Democracy is difficult to do but easy to understand. Its core principles and courtesies come to us from kindergarten. You take turns. When you lose, you stand down and let some other guy take a shot.

Everybody gets voice and vote, because we’re all children of God and have a right to life, liberty, and the pursuit of happiness. Somebody described voting as the commonest and most important form of nonviolent protest. If you don’t like the scoundrel who is sitting at Town Hall or in the State House, or in the White House, or in the Capitol Building, you don’t have to arrest them or shoot them; you signal your protest by casting your ballot for someone else. It’s really quite beautiful. It’s genius. And it’s peace. And it’s fairness. And it’s justice.

Here’s some good news: Since last November, 28 states have passed new laws making it easier, not harder, but easier, for every American to vote. Ballot box locations. Early voting. Absentee voting. These states are taking what they learned during the pandemic and making it permanent.[6] 28!  More than half. Everyone gets a turn. Everyone gets a voice. Everyone gets a vote.

Here’s another core principle of democracy that comes from kindergarten: People of good conscience may differ. To put it a different way, your ideological or political opponent is integral to your own truth and to your own thriving. Václav Havel just abhorred the monolithic nature of the Communist Party. It crushed all dissent and eliminated every other option and made life flat, dead, sterile, homogenous, and monotonous. Democracy makes space for dissent and disagreement.

You’ve heard this story, right? When Thomas Jefferson was President, his European friend Alexander von Humboldt visited him at the President’s house, and while there the Baron noticed a fiercely negative Federalist newspaper lying on a table in the cabinet room, the epicenter of Republican power. “Why do you allow such libels?” he asked. “Why don’t you suppress this rag or arrest the editor?” President Jefferson said, “Put that paper in your pocket, Baron, and take it home with you, and if ever anyone questions the authenticity of American liberty, or our freedom of the press, show him this newspaper, and tell him where you found it.”[7]
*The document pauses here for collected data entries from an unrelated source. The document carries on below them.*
(* Consider the model and the LinUCB-d algorithm described in the context, under assumptions (A1) and (A2). Let $\{\Phi_b\}$ be any choice of matrices as in the context, and let $\mathcal{C}_b^{(i)}$ be defined as there. Then for any arms $a,b\in[K]$ with $b\neq a$, any $i\in\{1,\dots,d\}$, and every $t\ge1$, \[ \bar N_t(a,\mathcal{C}_b^{(i)})\le\frac{8\alpha_t^2}{\Delta^2}\,d\log\Big(\frac{d+t}{d}\Big). \]
   Context: Model: $K$ arms $[K]$; each arm $a$ has an unknown parameter $\boldsymbol{\theta}(a)\in\mathbb{R}^d$; context set $\mathcal{C}$ and known feature vectors $\mathbf{x}(a,c)\in\mathbb{R}^d$. At each time $t$ the learner observes $c_t$, pulls $a_t$, observes $y_t=r(a_t,c_t)+\eta_t$ with $r(a,c)=\boldsymbol{\theta}(a)^\intercal\mathbf{x}(a,c)$. $\mathcal{C}_a=\{c: r(a,c)>r(b,c)\ \forall b\neq a\}$, $\mathcal{X}_a=\{\mathbf{x}(a,c):c\in\mathcal{C}_a\}$. (A1) $\|\boldsymbol{\theta}(a)\|_2\le s$, $\|\mathbf{x}(a,c)\|_2\le l$. (A2) There is $\Delta>0$ with $r(a,c)-r(b,c)\ge\Delta$ for all $a$, $b\ne a$, $c\in\mathcal{C}_a$. Algorithm LinUCB-d: $f(t)=1+t\log^2 t$, $\alpha_t=ls+\sqrt{(2+d)\log f(t)}$; $\mathbf{V}_t(a)=l^2\mathbf{I}_d+\sum_{\tau<t:\,a_\tau=a}\mathbf{x}(a,c_\tau)\mathbf{x}(a,c_\tau)^\intercal$, $\mathbf{b}_t(a)=\sum_{\tau<t:\,a_\tau=a}y_\tau\mathbf{x}(a,c_\tau)$, $\hat r_t(a)=\mathbf{x}(a,c_t)^\intercal\mathbf{V}_t(a)^{-1}\mathbf{b}_t(a)$, $\hat\sigma_t(a)=\sqrt{\mathbf{x}(a,c_t)^\intercal\mathbf{V}_t(a)^{-1}\mathbf{x}(a,c_t)}$; it pulls $a_t\in\arg\max_a\hat r_t(a)+\alpha_t\hat\sigma_t(a)$. Bad estimates: a time $\tau$ is bad if there is an arm $a'$ with $|\hat r_\tau(a')-r(a',c_\tau)|>\alpha_\tau\hat\sigma_\tau(a')$; $\mathcal{B}_t$ is the set of bad times in $[1,t)$. Groups: for each $b$, $\Phi_b$ is a $d\times d$ matrix with columns $\phi_b^{(1)},\dots,\phi_b^{(d)}\in\mathcal{X}_b$ and $\lambda_{\min}(\Phi_b^\intercal\Phi_b)>0$. $\mathcal{X}_b^{(i)}$ is the set of $\mathbf{x}\in\mathcal{X}_b$ with $\mathbf{x}^\intercal\phi_b^{(i)}/\|\phi_b^{(i)}\|_2<\mathbf{x}^\intercal\phi_b^{(j)}/\|\phi_b^{(j)}\|_2$ for all $j<i$ and $\le$ for all $j>i$; and $\mathcal{C}_b^{(i)}=\{c\in\mathcal{C}_b:\mathbf{x}(b,c)\in\mathcal{X}_b^{(i)}\}$. Counts: $\bar N_t(a,\mathcal{C}_b^{(i)})$ is the number of times $\tau$ with $1\le\tau<t$, $a_\tau=a$, $c_\tau\in\mathcal{C}_b^{(i)}$ and $\tau\notin\mathcal{B}_t$. *)

From HB Require Import structures.
From mathcomp Require Import all_boot all_order all_algebra.
From mathcomp Require Import reals exp.
Set Implicit Arguments.
Unset Strict Implicit.
Unset Printing Implicit Defensive.
Import Order.TTheory GRing.Theory Num.Theory.
Local Open Scope ring_scope.

Definition dotv (R : realType) (d : nat) (u v : 'cV[R]_d) : R :=
  (u^T *m v) ord0 ord0.
Definition norm2 (R : realType) (d : nat) (v : 'cV[R]_d) : R :=
  Num.sqrt (dotv v v).

Section LinUCBd.
Variables (R : realType) (K d : nat) (C : Type).
Variable x : 'I_K -> C -> 'cV[R]_d.
Variable theta : 'I_K -> 'cV[R]_d.
Variables (l s : R).
(* realized contexts c_t, noise eta_t, pulled arms a_t (times t >= 1) *)
Variable cs : nat -> C.
Variable eta : nat -> R.
Variable acts : nat -> 'I_K.

Definition rew (a : 'I_K) (c : C) : R := dotv (theta a) (x a c).

Definition yobs (t : nat) : R := rew (acts t) (cs t) + eta t.

Definition Vmat (t : nat) (a : 'I_K) : 'M[R]_d :=
  l ^+ 2 *: 1%:M +
  \sum_(1 <= tau < t | acts tau == a) (x a (cs tau) *m (x a (cs tau))^T).

Definition bvec (t : nat) (a : 'I_K) : 'cV[R]_d :=
  \sum_(1 <= tau < t | acts tau == a) (yobs tau *: x a (cs tau)).

Definition rhat (t : nat) (a : 'I_K) : R :=
  dotv (x a (cs t)) (invmx (Vmat t a) *m bvec t a).

Definition sighat (t : nat) (a : 'I_K) : R :=
  Num.sqrt (dotv (x a (cs t)) (invmx (Vmat t a) *m x a (cs t))).

Definition ffun (t : nat) : R := 1 + t%:R * (ln (t%:R : R)) ^+ 2.
Definition alpha (t : nat) : R := l * s + Num.sqrt ((2 + d%:R) * ln (ffun t)).

Definition linucb_d_rule : Prop :=
  forall t : nat, (1 <= t)%N -> forall a' : 'I_K,
    rhat t a' + alpha t * sighat t a' <=
    rhat t (acts t) + alpha t * sighat t (acts t).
“I shall walk at liberty,” says the Psalmist. “I shall walk at liberty, for I have sought God’s precepts. I will speak fearlessly of God’s decrees before Kings.”

 

[1]Václav Havel, “Dear Dr. Husák,” in Open Letters: Selected Writings 1965-1990, ed. Paul Wilson, translator unknown (New York: Knopf, 1991), p. 66.

[2]Quoted by J.Y. Smith, “Václav Havel, Dissident Playwright and Former Czech President, Dies,” The Washington Post, December 18, 2011.
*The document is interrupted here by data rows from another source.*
(* Seen from an arc s of a pairwise meeting family, the other arcs start at
   distances in [0, k) or (n - k, n); folding modulo m maps them injectively,
   since two meeting arcs are never m apart. *)
Definition fold_cdist m s t := if cdist s t < m then cdist s t else cdist s t - m.

Lemma pairwise_meeting_fold_inj k m s T : k <= m <= n - k ->
  pairwise_meeting k T -> {in T, forall t, cdist s t < m + m} ->
  {in T &, injective (fold_cdist m s)}.
Proof.
move=> hm meetT lt2m t1 t2 t1T t2T; rewrite /fold_cdist => e; apply: (@cdist_inj s).
have := meeting_arcs_cdist_neq s hm (meetT _ _ t1T t2T).
have := meeting_arcs_cdist_neq s hm (meetT _ _ t2T t1T).
have := lt2m _ t1T; have := lt2m _ t2T.
by move: e; case: (ltnP (cdist s t1) m); case: (ltnP (cdist s t2) m); lia.
Qed.

Lemma card_pairwise_meeting k T :
  k + k <= n -> pairwise_meeting k T -> #|T| <= k.
Proof.
move=> kn meetT; have [->|[s sT]] := set_0Vmem T; first by rewrite cards0.
have near t : t \in T -> cdist s t < k \/ n - k < cdist s t.
  by move=> tT; apply: meeting_arcs_cdist; apply: meetT.
rewrite -(size_iota 0 k); apply: card_leq_size_in (fold_cdist (n - k) s) _ _ _.
  apply: (pairwise_meeting_fold_inj _ meetT) => [|t tT]; first lia.
  by have := cdist_ltn s t; lia.
move=> t tT; rewrite mem_iota /fold_cdist.
by have := near t tT; have := cdist_ltn s t; case: (ltnP (cdist s t) (n - k)); lia.
Qed.

Lemma card_pairwise_meeting_gap k T s :
  1 < k -> k + k < n -> pairwise_meeting k T -> s \in T ->
  {in T, forall t, cdist s t \notin [:: 1; n.-1]} -> #|T| <= k.-1.
Proof.
move=> k1 kn meetT sT gapT.
have near t : t \in T -> cdist s t < k \/ n - k < cdist s t.
  by move=> tT; apply: meeting_arcs_cdist; apply: meetT.
have gap t : t \in T -> cdist s t != 1 /\ cdist s t != n.-1.
  by move=> /gapT; rewrite !inE negb_or => /andP.
have -> : k.-1 = size (0 :: iota 2 (k - 2)) by rewrite /= size_iota; lia.
apply: card_leq_size_in (fold_cdist (n - k - 1) s) _ _ _.
  apply: (pairwise_meeting_fold_inj _ meetT) => [|t tT]; first lia.
  by have := cdist_ltn s t; have := near t tT; have := gap t tT; lia.
move=> t tT; rewrite inE mem_iota /fold_cdist.
have := near t tT; have := gap t tT; have := cdist_ltn s t.
by case: (ltnP (cdist s t) (n - k - 1)); lia.
Qed.

End CyclicArcs.

Section PermutedSets.
Variable T : finType.
Implicit Types (W X Y A B : {set T}) (p q : {perm T}) (x y z : T).

Lemma perm_imsetM p q X : (p * q)%g @: X = q @: (p @: X).
Proof. by rewrite -imset_comp; apply: eq_imset => z; rewrite permM. Qed.

Lemma disjoint_perm_imset p X Y : [disjoint p @: X & p @: Y] = [disjoint X & Y].
Proof.
by rewrite -!setI_eq0 -imsetI ?imset_eq0 // => x y _ _; apply: perm_inj.
Qed.

Lemma perm_imset_exchange p A x y : p @: (y |: A :\ x) = p y |: p @: A :\ p x.
Proof.
rewrite imsetU1; congr (_ |: _); apply/setP => z; rewrite !inE.
apply/imsetP/andP => [[w] | [zx /imsetP [w wA zw]]].
  rewrite !inE => /andP [wx wA] ->; split; last exact: imset_f.
  by apply: contra wx => /eqP /perm_inj ->.
by exists w; rewrite // !inE wA andbT; apply: contra zx => /eqP wx; rewrite zw wx.
Qed.

Lemma tperm_imset_id X x y : (x \in X) = (y \in X) -> tperm x y @: X = X.
Proof.
move=> xy; apply/eqP; rewrite eqEcard card_imset ?leqnn ?andbT; last exact: perm_inj.
apply/subsetP => _ /imsetP [z zX ->].
case: tpermP => [zx | zy | _ _ //]; first by rewrite -xy -zx.
by rewrite xy -zy.
Qed.

Lemma tperm_imset_exchange X x y :
  x \in X -> y \notin X -> tperm x y @: X = y |: X :\ x.
Proof.
move=> xX yX; apply/setP => z; rewrite !inE; apply/imsetP/idP => [[w wX ->] | ].
  case: tpermP => [_ | wy | /eqP wx /eqP wy]; first by rewrite eqxx.
    by move: yX; rewrite -wy wX.
  by rewrite wX wx orbT.
case/orP => [/eqP -> | /andP [zx zX]]; first by exists x; rewrite ?tpermL.
exists z; rewrite // tpermD // eq_sym //.
by apply: contraNneq yX => <-.
Qed.

Lemma exists_perm_imset X Y : #|X| = #|Y| -> exists p, p @: X = Y.
Proof.
move: {2}#|X :\: Y| (erefl #|X :\: Y|) => m; elim: m X => [|m IHm] X dXY cXY.
  exists 1%g; rewrite imset_perm1; apply/eqP; rewrite eqEcard cXY leqnn andbT.
  by rewrite -setD_eq0 -cards_eq0 dXY.
have [x] : exists x, x \in X :\: Y by apply/card_gt0P; rewrite dXY.
rewrite inE => /andP [xY xX].
have [y] : exists y, y \in Y :\: X.
  by apply/card_gt0P; rewrite cardsD setIC -cXY -cardsD dXY.
rewrite inE => /andP [yX yY].
have dX'Y : #|(y |: X :\ x) :\: Y| = m.
  suff -> : (y |: X :\ x) :\: Y = (X :\: Y) :\ x.
    by apply/eqP; rewrite -eqSS -dXY (cardsD1 x (X :\: Y)) !inE xY xX.
  apply/setP => z; rewrite !inE; case: (z =P y) => [-> | _] /=.
    by rewrite yY andbF.
  by case: (z \in Y); case: (z != x).
have cX'Y : #|tperm x y @: X| = #|Y| by rewrite card_imset //; apply: perm_inj.
rewrite -(tperm_imset_exchange xX yX) in dX'Y.
have [q qY] := IHm _ dX'Y cX'Y.
by exists (tperm x y * q)%g; rewrite perm_imsetM.
Qed.

Lemma perm_imset_fix p X A x y : p @: X = A -> (x \in X) = (y \in A) ->
  exists p', [/\ p' x = y, p' @: X = A & forall z, z != x -> p z != y -> p' z = p z].
Proof.
move=> pX xy; exists (p * tperm (p x) y)%g; split.
- by rewrite permM tpermL.
- by rewrite perm_imsetM pX tperm_imset_id // -xy -pX mem_imset //; apply: perm_inj.
move=> z zx pzy; rewrite permM tpermD // eq_sym //.
by apply: contra zx => /eqP /perm_inj ->.
Qed.

Lemma exists_perm_imset_at X A a1 a2 b1 b2 x1 x2 y1 y2 : #|X| = #|A| ->
  a1 \in X -> a2 \in X -> a1 != a2 -> b1 \notin X -> b2 \notin X -> b1 != b2 ->
  x1 \in A -> x2 \in A -> x1 != x2 -> y1 \notin A -> y2 \notin A -> y1 != y2 ->
  exists p, [/\ p @: X = A, p a1 = x1, p a2 = x2, p b1 = y1 & p b2 = y2].
Proof.
move=> cXA a1X a2X a12 b1X b2X b12 x1A x2A x12 y1A y2A y12.
have neq (C : {set T}) u v : u \in C -> v \notin C -> u != v.
  by move=> uC; apply: contraNneq => <-.
have [a1b1 a1b2 a2b1 a2b2] : [/\ a1 != b1, a1 != b2, a2 != b1 & a2 != b2].
  by split; apply: (neq X).
have [x1y1 x1y2 x2y1 x2y2] : [/\ x1 != y1, x1 != y2, x2 != y1 & x2 != y2].
  by split; apply: (neq A).
have [p0 p0X] := exists_perm_imset cXA.
have [p1 [p1a1 p1X _]] := perm_imset_fix p0X (etrans a1X (esym x1A)).
have [p2 [p2a2 p2X p2E]] := perm_imset_fix p1X (etrans a2X (esym x2A)).
have [p3 [p3b1 p3X p3E]] :=
  perm_imset_fix p2X (etrans (negbTE b1X) (esym (negbTE y1A))).
have [p4 [p4b2 p4X p4E]] :=
  perm_imset_fix p3X (etrans (negbTE b2X) (esym (negbTE y2A))).
have p2a1 : p2 a1 = x1 by rewrite p2E; rewrite ?p1a1.
have p3a1 : p3 a1 = x1 by rewrite p3E; rewrite ?p2a1.
have p3a2 : p3 a2 = x2 by rewrite p3E; rewrite ?p2a2.
by exists p4; split; rewrite // p4E; rewrite ?p3a1 ?p3a2 ?p3b1 // eq_sym.
Qed.

Definition nperm_onto X A := #|[set p : {perm T} | p @: X == A]|.

Lemma nperm_onto_card X Y A B :
  #|X| = #|Y| -> #|A| = #|B| -> nperm_onto X A = nperm_onto Y B.
Proof.
suff le X1 X2 A1 A2 : #|X1| = #|X2| -> #|A1| = #|A2| ->
    nperm_onto X1 A1 <= nperm_onto X2 A2.
  by move=> cX cA; apply/eqP; rewrite eqn_leq !le.
move=> cX cA; have [r rX] := exists_perm_imset (esym cX).
have [s sA] := exists_perm_imset cA.
rewrite /nperm_onto -(card_imset _ (f := fun p => (r * p * s)%g)); last first.
  by move=> p q /mulIg /mulgI.
apply/subset_leq_card/subsetP => q /imsetP [p]; rewrite !inE => /eqP pX ->.
by rewrite !perm_imsetM rX pX sA.
Qed.

Lemma card_perm_imset_in W (F : {set {set T}}) :
  #|[set p : {perm T} | p @: W \in F]| = \sum_(A in F) nperm_onto W A.
Proof.
rewrite -sum1_card (partition_big (fun p => p @: W) (fun A => A \in F)) => [|p];
  last by rewrite inE.
apply: eq_bigr => A AF; rewrite /nperm_onto -sum1_card; apply: eq_bigl => p.
by rewrite !inE; case: (p @: W =P A) => [-> | _]; rewrite ?andbT ?andbF.
Qed.

Lemma card_perm_nperm_onto W : #|{perm T}| = 'C(#|T|, #|W|) * nperm_onto W W.
Proof.
transitivity #|[set p : {perm T} | p @: W \in [set A : {set T} | #|A| == #|W|]]|.
  by apply: eq_card => p; rewrite !inE card_imset ?eqxx //; exact: perm_inj.
rewrite card_perm_imset_in -card_draws -sum_nat_const.
by apply: eq_bigr => A; rewrite inE => /eqP cA; apply: nperm_onto_card.
Qed.

End PermutedSets.

Definition intersecting (T : finType) (F : {set {set T}}) :=
  {in F &, forall A B : {set T}, ~~ [disjoint A & B]}.

Definition uniform (T : finType) k (F : {set {set T}}) :=
  {in F, forall A : {set T}, #|A| = k}.

Definition exchange_closed (T : finType) (F : {set {set T}}) :=
  forall A x1 x2 y1 y2, A \in F -> x1 \in A -> x2 \in A -> x1 != x2 ->
    y1 \notin A -> y2 \notin A -> y1 != y2 ->
  y1 |: A :\ x1 \in F \/ y2 |: A :\ x2 \in F.

Section KatonaCycle.
Variables (n k : nat).
Implicit Types (F : {set {set 'I_n}}) (p : {perm 'I_n}).

(* p stands for the cyclic order p 0, p 1, ..., p (n - 1) of Katona's argument. *)
Definition hits p F := [set t : 'I_n | p @: arc k t \in F].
[3]Paul Wilson, in his introduction to Václav Havel’s Letters to Olga, 19791982, trans. Paul Wilson (New York: Alfred A. Knopf, 1988), p. 8.
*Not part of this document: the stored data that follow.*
Lemma Dfun_peval n f z j : 0 < Cmod z < 1 ->
  Dfun n f j z =
  (RtoC ((1 + Cmod z) ^ n) * peval (map (coef n f z) (seq 0 n)) (node (Cmod z) j))%C.
Proof.
  intros Hz. rewrite peval_map_seq, <- csum_scal.
  apply csum_ext. intros k Hk. unfold coef.
  transitivity (f k z * RtoC (Cmod z ^ (j * k) *
    ((1 - Cmod z ^ 2) ^ n / (1 - Cmod z ^ (j + 2)) ^ k)))%C.
  { rewrite RtoC_mult. ring. }
  rewrite Dfun_summand_factor by (auto; lia). rewrite !RtoC_mult. ring.
Qed.

Lemma Cmod_coef_le_sum_Dfun n f d : 0 < d -> exists K, 0 <= K /\
  forall z, 0 < Cmod z < 1 -> d <= node_gap n (Cmod z) ->
  forall k, (k < n)%nat ->
  Cmod (coef n f z k) <= K * rsum n (fun j => Cmod (Dfun n f j z)).
Proof.
  intros Hd. destruct (pnorm1_le_of_nodes n d Hd) as [K [HK Hbound]].
  exists K. split; [exact HK|]. intros z Hz Hgap k Hk.
  set (l := map (coef n f z) (seq 0 n)).
  assert (Hlen : length l = n) by (unfold l; rewrite length_map, length_seq; reflexivity).
  assert (Hnth : nth k l (RtoC 0) = coef n f z k).
  { unfold l. rewrite (nth_indep _ _ (coef n f z 0%nat)) by (rewrite length_map, length_seq; lia).
    rewrite map_nth, seq_nth by lia. reflexivity. }
  rewrite <- Hnth.
  eapply Rle_trans; [apply Cmod_nth_le_pnorm1; lia|].
  apply (Hbound l (node (Cmod z))); [exact Hlen | | |].
  - intros i _. pose proof (node_in_unit (Cmod z) i Hz).
    rewrite Rabs_pos_eq; lra.
  - intros i j Hi Hj Hij. eapply Rle_trans; [exact Hgap|]. apply node_sep; auto.
  - intros j Hj. apply Rle_trans with (Cmod (Dfun n f j z)).
    + rewrite Dfun_peval, Cmod_mult, Cmod_R by exact Hz. fold l.
      assert (1 <= (1 + Cmod z) ^ n) by (apply pow_R1_Rle; lra).
      rewrite Rabs_pos_eq by lra.
      pose proof (Cmod_ge_0 (peval l (node (Cmod z) j))). nra.
    + apply (le_rsum n (fun i => Cmod (Dfun n f i z))); [intros; apply Cmod_ge_0 | exact Hj].
Qed.

Definition phase (w : C) : C := Cmult (Cconj w) (RtoC (/ Cmod w)).

Lemma phase_mul w : Cmult (phase w) w = RtoC (Cmod w).
Proof.
  unfold phase. destruct (Req_dec (Cmod w) 0) as [E|E].
  - apply Cmod_eq_0 in E. subst w. rewrite Cmod_0. ring.
  - transitivity (RtoC (Cmod w ^ 2 * / Cmod w)).
    + rewrite RtoC_mult, Cmod2_conj. ring.
    + f_equal. field. exact E.
Qed.

Lemma Cmod_phase_le w : Cmod (phase w) <= 1.
Proof.
  unfold phase. rewrite Cmod_mult, Cmod_conj, Cmod_R.
  destruct (Req_dec (Cmod w) 0) as [E|E].
  - rewrite E, Rmult_0_l. lra.
  - pose proof (Cmod_ge_0 w).
    rewrite Rabs_pos_eq, Rinv_r; [lra | exact E |].
    left. apply Rinv_0_lt_compat. lra.
Qed.

Definition weight (n : nat) (D : nat -> C) (j : nat) : C :=
  Cmult (phase (D j)) (RtoC (/ rsum n (fun i => Cmod (D i)))).

Lemma Cmod_mul_weight_le n D j a K : 0 <= K ->
  Cmod a <= K * rsum n (fun i => Cmod (D i)) ->
  Cmod (Cmult a (weight n D j)) <= K.
Proof.
  intros HK Ha. unfold weight. set (S := rsum n (fun i => Cmod (D i))) in *.
  assert (HS : 0 <= S) by (apply rsum_ge0; intros; apply Cmod_ge_0).
  rewrite !Cmod_mult, Cmod_R.
  pose proof (Cmod_phase_le (D j)). pose proof (Cmod_ge_0 (phase (D j))).
  pose proof (Cmod_ge_0 a).
  destruct (Req_dec S 0) as [E|E].
  - rewrite E, Rinv_0, Rabs_R0. nra.
  - assert (HS' : 0 < / S) by (apply Rinv_0_lt_compat; lra).
    rewrite Rabs_pos_eq by lra.
    apply Rle_trans with (Cmod a * / S).
    { apply Rmult_le_compat_l; [lra|].
      rewrite <- (Rmult_1_l (/ S)) at 2. apply Rmult_le_compat_r; lra. }
    apply (Rmult_le_reg_r S); [lra|]. rewrite Rmult_assoc, Rinv_l by exact E. lra.
Qed.

Lemma csum_mul_weight n D a K :
  Cmod a <= K * rsum n (fun i => Cmod (D i)) ->
  csum n (fun j => Cmult (Cmult a (weight n D j)) (D j)) = a.
Proof.
  intros Ha. unfold weight. set (S := rsum n (fun i => Cmod (D i))) in *.
  transitivity (Cmult (Cmult a (RtoC (/ S))) (csum n (fun j => RtoC (Cmod (D j))))).
  { rewrite <- csum_scal. apply csum_ext. intros j _.
    rewrite <- (phase_mul (D j)). ring. }
  rewrite csum_RtoC. fold S. destruct (Req_dec S 0) as [E|E].
  - rewrite E, Rmult_0_r in Ha. pose proof (Cmod_ge_0 a).
    assert (Cmod a = 0) as Ha0 by lra. apply Cmod_eq_0 in Ha0. subst a. ring.
  - rewrite <- Cmult_assoc, <- RtoC_mult, Rinv_l by exact E. ring.
Qed.

Theorem lemma2p6 (n : nat) (f : nat -> C -> C) :
  exists b : nat -> nat -> C -> C,
    (forall j k : nat, (j < n)%nat -> (k < n)%nat ->
       exists M : R, forall z : C, 1/2 < Cmod z < 1 -> Cmod (b j k z) <= M) /\
    (forall k : nat, (k < n)%nat ->
       forall z : C, 0 < Cmod z < 1 ->
         Cmult (f k z) (RtoC ((1 - Cmod z) ^ (n - k))) =
         csum n (fun j => Cmult (b j k z) (Dfun n f j z))).
Proof.
  destruct (Cmod_coef_le_sum_Dfun n f (node_gap n (1/2))) as [K [HK Hcoef]].
  { apply node_gap_pos. lra. }
  exists (fun j k z => Cmult (coef n f z k) (weight n (fun i => Dfun n f i z) j)).
  split.
  - intros j k _ Hk. exists K. intros z Hz.
    apply Cmod_mul_weight_le; [exact HK|].
    apply Hcoef; [lra | apply node_gap_incr; lra | exact Hk].
  - intros k Hk z Hz.
    destruct (Cmod_coef_le_sum_Dfun n f (node_gap n (Cmod z))) as [K' [_ Hcoef']].
    { apply node_gap_pos. lra. }
    symmetry. apply (csum_mul_weight n (fun i => Dfun n f i z) _ K').
    apply Hcoef'; [exact Hz | apply Rle_refl | exact Hk].
Qed.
[4]Quoted in Mr. Havel’s obituary in The Telegraph, December 18, 2011.

[5]Dan Bilefsky and Jane Perlez, “Václav Havel, Former Czech President, Dies at 75,” The New York Times, December 18, 2011.

[6]Elise Viebeck, “States Across the Country Are Dropping Barriers to Voting, Widening a Stark Geographic Divide in Ballot Access,” The Washington Post, June 23, 2021.

[7]Jon Meachum, Thomas Jefferson: The Art of Power (New York: Random House, 2012), pp. 362–363.